This is the recommended default. Poisson pseudo-maximum likelihood (PPML) is consistent for the conditional mean even under heteroscedasticity, and gamma is estimated jointly.
fit_pois <- estimate_hidden_pop(
data = irregular_migration,
observed = ~ m,
auxiliary = ~ n,
reference_pop = ~ N,
method = "poisson",
gamma = "estimate",
countries = ~ country
)
summary(fit_pois)
#> Unauthorized population estimation
#> Method: POISSON | vcov: HC3
#> N obs: 1382
#> Gamma: 0.001831 (estimated)
#> Log-likelihood: -11380.65
#> AIC: 22767.3 BIC: 22782.99
#> Deviance: 20158.5
#>
#> Coefficients:
#> Estimate Std. Error z value Pr(>|z|)
#> alpha 0.736646 0.040258 18.298 < 2.2e-16 ***
#> beta 0.575046 0.091861 6.260 3.85e-10 ***
#> ---
#> Signif. codes: 0 '***' 0.001 '**' 0.01 '*' 0.05 '.' 0.1 ' ' 1
#>
#> -----------------------
#> Population size estimation results:
#> (BC = bias-corrected using model-based variance)

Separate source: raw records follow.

(* The following two group presentations are minimal, in the sense that no relator can be removed without changing the group; equivalently, no relator lies in the normal closure, in the free group on the generators, of the remaining relators: (1) $\langle y_2,y_3 \mid [\,c,\ (y_2^ny_3^m)^{-1}c\,(y_2^ny_3^m)\,],\ n,m\in\mathbb{Z},\ (n,m)>(0,0)\rangle$, where $c=[y_2,y_3]$; (2) $\langle x_1,x_2,x_3 \mid x_1^2,\ x_2^2,\ x_3^2,\ [\,v,\ h_{n,m}^{-1}v\,h_{n,m}\,],\ n,m\in\mathbb{Z},\ (n,m)>(0,0)\rangle$, where $v=[x_2x_1,x_1x_3]$ and $h_{n,m}=(x_2x_1)^n(x_1x_3)^m$.
   Context: Commutators are $[a,b]=aba^{-1}b^{-1}$. The order on pairs is lexicographic: $(n,m)>(0,0)$ means $n>0$, or $n=0$ and $m>0$. (These are presentations of the rotation subgroup and of the triangle group of a generic Euclidean triangle, respectively; the first presents the free metabelian group of rank 2.) *)

(* Free groups on a generator type T are modelled by words
   (lists of letters (generator, inverted?)) up to free equivalence. *)
From mathcomp Require Import all_boot all_order all_algebra.
From Stdlib Require Import Relations.
Set Implicit Arguments. Unset Strict Implicit. Unset Printing Implicit Defensive.
Import Order.TTheory GRing.Theory Num.Theory.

#> Observed Estimate Estimate (BC) CI lower CI upper
#> (all) 27,105 290,597 290,498 127,726 660,703Key output to look for:
-
alpha – the elasticity with respect to
N. Values below 1 indicate that the unauthorized population grows less than proportionally with the reference population. - beta – the elasticity with respect to the detection rate. Positive values mean higher auxiliary rates are associated with more apprehensions.
- gamma – the estimated baseline offset (typically small).
Model 2: Poisson constrained (alpha in (0,1), beta > 0)
Constraining alpha to the unit interval and beta to be positive enforces theoretical expectations. Internally, alpha is parameterised via a inverse logit link and beta via an exponential link, so the reported coefficients are on the link scale.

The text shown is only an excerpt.